No you're not wrong...don't make a huge deal out of it tho. I can't imagine giving my kids a buck, and not their little friends! Peuh! Buffoonery!


----------



## LimboGirl (Oct 28, 2011)

AnotherEarthling said:


> Am I wrong for feeling this way? Of course it's so small it's no big deal. But as a parent am I wrong for feeling this way? Thanks


I am from Kentucky. We feel the same as you. When my kids were small and had friends over, I made sure no one was left. Now that my kids are almost grown, I still make sure their friends have money if I think they need it for a meal or something. I don't let myself get used as a rule, but I help if it is needed. You are not wrong in your feelings. Sounds like it might be time to think about what kind of friends they really are.


----------



## AnotherEarthling (Oct 31, 2011)

Thanks for the feedback. The thing is, they are always very generous with us, as we were with them. We would always take each other's kids out to dinner. But I am wondering if it was a smoke screen. My friend probably only took my daughter out when she had coupons or (one kid eats free) sort of deal. That's totally okay with me. I'm not that way.


----------



## LimboGirl (Oct 28, 2011)

If this was the only time, could it have been that the friends had ran out of money and didn't realize there wasn't going to be enough to go around?


----------



## golfergirl (Dec 8, 2010)

AnotherEarthling said:


> Hi,
> Here in Texas we are generous, at least I thought so. How would you feel. I have mixed emotions. I feel ashamed I feel this way, yet I do. Our daughter went out with two of her friends for dinner. My friend invited them. Her father was paying. I offered to pay for her daughter but my friend said her mother would pay. That was very nice of her. I buy her kids lunch and dinner all the time and take them out places. First, my friends kids are mean and selfish to my daughter many times. That bugs me. But this is what's really bothering me. Yesterday my daughter told me my friend gave each of her kids a dollar to go get something out of the machine. But she didn't give my daughter a dollar. When her friends came back they were playing with this little stupid thing they got from the machine. My daughter asked if she could try and they said NO GET ONE WITH YOUR OWN DOLLAR!! I don't understand my my friend gave her kids a dollar in front of our daughter... can't you spear a dollar so my kid doesn't feel left out? I would give your kids a dollar and have done so in the past. Am I wrong for feeling this way? Of course it's so small it's no big deal. But as a parent am I wrong for feeling this way? Thanks


Very thoughtless of your friend. Next time give your daughter a few bucks just for such situations.
_Posted via Mobile Device_


----------



## jayde (Jun 17, 2011)

AnotherEarthling said:


> Hi,
> First, my friends kids are mean and selfish to my daughter many times.

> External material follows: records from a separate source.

(* S_+ = T (x) P_+ + 1 (x) P_-,  S_- = T^{-1} (x) P_- + 1 (x) P_+ ,
   T delta_k = delta_{k+1}, so (T psi)(k) = psi(k-1). *)
Definition shift (b : bool) (psi : state) : state := fun k =>
  \col_i (if b then (if i == 0 then psi (k - 1) i 0 else psi k i 0)
               else (if i == 0 then psi k i 0 else psi (k + 1) i 0)).

Definition coin (c : int -> 'M[C]_2) (psi : state) : state :=
  fun k => c k *m psi k.

Definition gen_act (g : qw_gen) : state -> state :=
  match g with QShift b => shift b | QCoin c => coin c end.

Definition gen_ok (g : qw_gen) : Prop :=
  match g with QShift _ => True | QCoin c => forall k, c k \is unitarymx end.

Definition is_walk (w : seq qw_gen) : Prop := forall i, (i < size w)%N -> gen_ok (nth (QShift true) w i).

Definition walk_act (w : seq qw_gen) : state -> state :=
  foldr (fun g f => gen_act g \o f) id w.

Definition vel_at (W : state -> state) (psi : state) : \bar R :=
  limn_esup (fun t : nat => ((t%:R)^-1)%:E * esqrt (normQ2 (iter t W psi)))%E.

Definition vel (W : state -> state) : \bar R :=
  ereal_sup [set vel_at W psi | psi in [set psi | in_domQ psi /\ norm2 psi = 1%E]].

(* Direct sum w.r.t. even and odd sites, with delta_{2k} |-> delta_k on H_e and
   delta_{2k+1} |-> delta_k on H_o. *)
Definition dsum (W1 W2 : state -> state) : state -> state := fun psi n =>
  if (n %% 2 == 0)%Z then W1 (fun k => psi (2 * k)%R) (n %/ 2)%Z
  else W2 (fun k => psi (2 * k + 1)%R) (n %/ 2)%Z.

End QW.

And from whom do you think your daughter's friends learned their charming behavior?

And no, you're not wrong for feeling bad towards bad manners.

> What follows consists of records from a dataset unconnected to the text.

Lemma no_excursion_above :
  (forall x, inKint k x -> exists m, is_argmin H x m) ->
  (forall M, exists a, inKint k a /\ forall x q, near_dplus k a x -> is_argmin H x q -> M < q) ->
  (forall u, lt_dplus k u -> exists Y Q, u < Y /\ lt_dplus k Y /\ quadrant_barrier k Hx Hp Y Q) ->
  forall u, lt_dplus k u -> exists w, u <= w /\ lt_dplus k w /\
   forall v, w < v -> forall t X P, 0 <= t -> hamilton_flow k Hx Hp t X P ->
     X 0 < v -> X t < u -> forall s, 0 <= s <= t -> X s < v.
Proof.
  intros Hargmin H4plus Hbarrier u Hu.
  destruct (Hbarrier u Hu) as (Y & Q & HuY & HYd & Bar).
  destruct (Hp_nonpos_near_dplus Hargmin H4plus Q) as (a & Hai & HpQ).
  exists (Rmax (Rmax a Y) u).
  assert (Hw : a <= Rmax (Rmax a Y) u /\ Y <= Rmax (Rmax a Y) u /\ u <= Rmax (Rmax a Y) u)
    by (unfold Rmax; repeat destruct Rle_dec; lra).
  split; [lra|]. split.
  { destruct k; simpl in *; auto. unfold Rmax; repeat destruct Rle_dec; lra. }
  intros v Hwv t X P Ht F HX0 HXt s Hs.
  destruct (Rlt_dec (X s) v) as [|Hn]; auto. exfalso.
  destruct (hamilton_flow_continuous _ _ _ _ _ _ F) as [WX _].
  destruct (continuous_on_attains_max 0 t X Ht WX) as [ss [Hss Hmax]].
  assert (Hv : v <= X ss) by (specialize (Hmax s Hs); lra).
  assert (Hss' : 0 < ss < t)
    by (destruct (Req_dec ss 0) as [->|]; [lra|]; destruct (Req_dec ss t) as [->|]; lra).
  destruct (F ss ltac:(lra)) as (HK & _).
  assert (Hcrit : Hp (X ss) (P ss) = 0).
  { destruct (hamilton_flow_derivable _ _ _ _ _ _ F ss Hss') as [DX _].
    pose (pr := exist (fun l => derivable_pt_lim X ss l) _ DX).
    rewrite <- (derive_pt_eq_0 X ss _ pr DX).
    apply deriv_maximum with 0 t; try lra. intros; apply Hmax; lra. }
  assert (HQP : Q <= P ss).
  { destruct (Rle_dec Q (P ss)) as [|Hn2]; auto.
    pose proof (Hp_strictly_increasing (X ss) (P ss) Q HK ltac:(lra)).
    pose proof (HpQ (X ss) HK ltac:(lra)). lra. }
  destruct (quadrant_invariant t X P Y Q F Bar ss ltac:(lra) ltac:(lra) HQP t ltac:(lra)).
  lra.
Qed.

End Hamiltonian.

Lemma C2_on_K_of_strip k eps H Hx Hp Hxx Hxp Hpx Hpp : 0 < eps ->
  C2_on (strip k eps) H Hx Hp Hxx Hxp Hpx Hpp -> (forall x p, inK k x -> Hpp x p > 0) ->
  C2_on_K k H Hx Hp Hxx Hxp Hpx Hpp.
Proof.
  intros Heps HC2 Hpos x p HxK.
  assert (Hs : strip k eps x) by (destruct k; simpl in *; auto; lra).
  destruct (HC2 x p Hs) as (d1&d2&d3&d4&d5&d6&_&_&_&c4&c5&c6&c7).
  repeat split; auto. apply Hpos; auto.
Qed.

Lemma hamilton_flow_of_sol k H Hx Hp Hxx Hxp Hpx Hpp t X P :
  C2_on_K k H Hx Hp Hxx Hxp Hpx Hpp -> hamilton_sol k H t X P -> hamilton_flow k Hx Hp t X P.
Proof.
  intros G Hsol s Hs. destruct (Hsol s Hs) as (HK & a & b & DX & DP & Ha & Hb).
  destruct (G (X s) (P s) HK) as (Dx & Dp & _).
  rewrite (uniqueness_limite _ _ _ _ Dp Ha), (uniqueness_limite _ _ _ _ Dx Hb), Ropp_involutive.
  auto.
Qed.

Definition reflect (F : R -> R -> R) : R -> R -> R := fun x p => F (- x) (- p).
Definition reflect_opp (F : R -> R -> R) : R -> R -> R := fun x p => - F (- x) (- p).

Lemma derivable_pt_lim_comp_opp f x l :
  derivable_pt_lim f (- x) l -> derivable_pt_lim (fun y => f (- y)) x (- l).
Proof. intros Hf. apply derivable_pt_lim_mirr_fwd. rewrite Ropp_involutive. exact Hf. Qed.

Lemma derivable_pt_lim_opp_comp_opp f x l :
  derivable_pt_lim f (- x) l -> derivable_pt_lim (fun y => - f (- y)) x l.
Proof.
  intros Hf. apply (derivable_pt_lim_opp_fwd (fun y => f (- y))).
  apply derivable_pt_lim_comp_opp, Hf.
Qed.

Lemma cont2_reflect f x p : cont2 f (- x) (- p) -> cont2 (reflect f) x p.
Proof.
  intros Hf e He. destruct (Hf e He) as [d [Hd Hd']]. exists d; split; auto.
  intros x' p' H1 H2. apply Hd'.
  - replace (- x' - - x) with (- (x' - x)) by ring. rewrite Rabs_Ropp; auto.
  - replace (- p' - - p) with (- (p' - p)) by ring. rewrite Rabs_Ropp; auto.
Qed.

Lemma C2_on_K_reflect k H Hx Hp Hxx Hxp Hpx Hpp : C2_on_K k H Hx Hp Hxx Hxp Hpx Hpp ->
  C2_on_K k (reflect H) (reflect_opp Hx) (reflect_opp Hp)
    (reflect Hxx) (reflect Hxp) (reflect Hpx) (reflect Hpp).
Proof.
  intros G x p HxK.
  destruct (G (- x) (- p) (inK_opp _ _ HxK)) as (d1&d2&d3&d4&d5&d6&c1&c2&c3&c4&pos).
  repeat split; auto using cont2_reflect.
  - exact (derivable_pt_lim_comp_opp (fun y => H y (- p)) x _ d1).
  - exact (derivable_pt_lim_comp_opp (fun q => H (- x) q) p _ d2).
  - exact (derivable_pt_lim_opp_comp_opp (fun y => Hx y (- p)) x _ d3).
  - exact (derivable_pt_lim_opp_comp_opp (fun q => Hx (- x) q) p _ d4).
  - exact (derivable_pt_lim_opp_comp_opp (fun y => Hp y (- p)) x _ d5).
  - exact (derivable_pt_lim_opp_comp_opp (fun q => Hp (- x) q) p _ d6).
Qed.

Lemma deriv_within_opp a b f s l :
  deriv_within a b f s l -> deriv_within a b (fun s => - f s) s (- l).
Proof.
  intros Hf e He. destruct (Hf e He) as [d [Hd Hd']]. exists d; split; auto.
  intros h Hh Hhd Hin. specialize (Hd' h Hh Hhd Hin).
  replace ((- f (s + h) - - f s) / h - - l) with (- ((f (s + h) - f s) / h - l))
    by (field; auto).
  rewrite Rabs_Ropp; auto.
Qed.

Lemma hamilton_flow_reflect k Hx Hp t X P : hamilton_flow k Hx Hp t X P ->
  hamilton_flow k (reflect_opp Hx) (reflect_opp Hp) t (fun s => - X s) (fun s => - P s).
Proof.
  intros F s Hs. destruct (F s Hs) as (HK & DX & DP).
  unfold reflect_opp. rewrite !Ropp_involutive.
  split; [apply inK_opp; auto|split].
  - exact (deriv_within_opp _ _ _ _ _ DX).
  - rewrite <- (Ropp_involutive (Hx (X s) (P s))) at 1. exact (deriv_within_opp _ _ _ _ _ DP).
Qed.

Lemma argmin_exists_reflect k H :
  (forall x, inKint k x -> exists m, is_argmin H x m) ->
  forall x, inKint k x -> exists m, is_argmin (reflect H) x m.
Proof.
  intros Hargmin x Hxi. destruct (Hargmin (- x) (inKint_opp _ _ Hxi)) as [m Hm].
  exists (- m). intros q. unfold reflect. rewrite Ropp_involutive. apply Hm.
Qed.

Lemma H4_reflect k H : H4 k H ->
  forall M, exists a, inKint k a /\ forall x q, near_dplus k a x -> is_argmin (reflect H) x q -> M < q.
Proof.
  intros [H4minus _] M. destruct (H4minus M) as [a [Ha Ha']].
  exists (- a). split; [apply inKint_opp; auto|].
  intros x q Hn Hq.
  assert (Hq' : is_argmin H (- x) (- q)).
  { intros p'. specialize (Hq (- p')). unfold reflect in Hq. rewrite Ropp_involutive in Hq. exact Hq. }
  assert (Hn' : near_dminus k a (- x)) by (destruct k; simpl in *; lra).
  specialize (Ha' _ _ Hn' Hq'). lra.
Qed.

Lemma cv_dplus_exceeds k y u : cv_dplus k y -> lt_dplus k u -> exists n, u < y n.
Proof.
  destruct k; simpl; intros Hcv Hu.
  - destruct (Hcv u) as [N HN]. exists N. apply HN. lia.
  - destruct (Hcv (1 - u) ltac:(lra)) as [N HN]. exists N.
    specialize (HN N ltac:(lia)). unfold R_dist in HN. revert HN; unfold Rabs; destruct Rcase_abs; lra.
Qed.

Lemma cv_dminus_exceeds k y u : cv_dminus k y -> lt_dplus k u -> exists n, u < - y n.
Proof.
  destruct k; simpl; intros Hcv Hu.
  - destruct (Hcv u) as [N HN]. exists N. apply HN. lia.
  - destruct (Hcv (1 - u) ltac:(lra)) as [N HN]. exists N.
    specialize (HN N ltac:(lia)). unfold R_dist in HN. revert HN; unfold Rabs; destruct Rcase_abs; lra.
Qed.

Lemma barrier_of_H5 k H Hx Hp Hxx Hxp Hpx Hpp : C2_on_K k H Hx Hp Hxx Hxp Hpx Hpp -> H5 k H ->
  forall u, lt_dplus k u -> exists Y Q, u < Y /\ lt_dplus k Y /\ quadrant_barrier k Hx Hp Y Q.
Proof.
  intros G [(y & q & Hyq & Hcv & _ & Hp_pos & Hx_neg) _] u Hu.
  destruct (cv_dplus_exceeds k y u Hcv Hu) as [n Hn].
  destruct (Hyq n) as [Hyi _].
  assert (HyK := inKint_inK k _ Hyi).
  exists (y n), (q n). split; [auto|split; [destruct k; simpl in *; lra|split; [auto|split]]].
  - intros r Hr. destruct (G (y n) r HyK) as (_ & D & _).
    specialize (Hp_pos n r _ Hr D). lra.
  - intros z Hz Hyz. destruct (G z (q n) Hz) as (D & _).
    specialize (Hx_neg n z _ Hz Hyz D). lra.
Qed.

Lemma barrier_of_H5_reflect k H Hx Hp Hxx Hxp Hpx Hpp : C2_on_K k H Hx Hp Hxx Hxp Hpx Hpp ->
  H5 k H -> forall u, lt_dplus k u ->
  exists Y Q, u < Y /\ lt_dplus k Y /\ quadrant_barrier k (reflect_opp Hx) (reflect_opp Hp) Y Q.
Proof.
  intros G [_ (y & q & Hyq & Hcv & _ & Hp_neg & Hx_pos)] u Hu.
  destruct (cv_dminus_exceeds k y u Hcv Hu) as [n Hn].
  destruct (Hyq n) as [Hyi _].
  assert (HyK := inKint_inK k _ Hyi).
  exists (- y n), (- q n).
  split; [auto|split; [destruct k; simpl in *; lra|split; [apply inK_opp; auto|split]]].
  - intros r Hr. unfold reflect_opp. rewrite Ropp_involutive.
    destruct (G (y n) (- r) HyK) as (_ & D & _).
    specialize (Hp_neg n (- r) _ ltac:(lra) D). lra.
  - intros z Hz Hyz. unfold reflect_opp. rewrite !Ropp_involutive.
    destruct (G (- z) (q n) (inK_opp _ _ Hz)) as (D & _).
    specialize (Hx_pos n (- z) _ (inK_opp _ _ Hz) ltac:(lra) D). lra.
Qed.

Lemma lt_dplus_dense k w : lt_dplus k w -> exists v, w < v /\ lt_dplus k v.
Proof.
  destruct k; simpl; intros Hw; [exists (w + 1)|exists ((w + 1) / 2)]; split; auto; lra.
Qed.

I'm sure your daughter would never even consider telling a guest to 'get your own'. And I am equally sure that if she did, you would set her straight on such behavior and it wouldn't happen again.


----------



## tacoma (May 1, 2011)

golfergirl said:


> Very thoughtless of your friend. Next time give your daughter a few bucks just for such situations.
> _Posted via Mobile Device_


This is what I do.

No matter how young my daughter was I always made sure she had a couple of bucks in her pocket when she was going to an event without me.

Your friend was wrong but this might mitigate this problem in the future.


----------



## AnotherEarthling (Oct 31, 2011)

tacoma said:


> This is what I do.
> 
> No matter how young my daughter was I always made sure she had a couple of bucks in her pocket when she was going to an event without me.
> 
> Your friend was wrong but this might mitigate this problem in the future.


I agree. I always do give her a few dollars before she goes out. This time I didn't. However, I did offer to give her money for the meal to pay but the parent declined. We always do that.


----------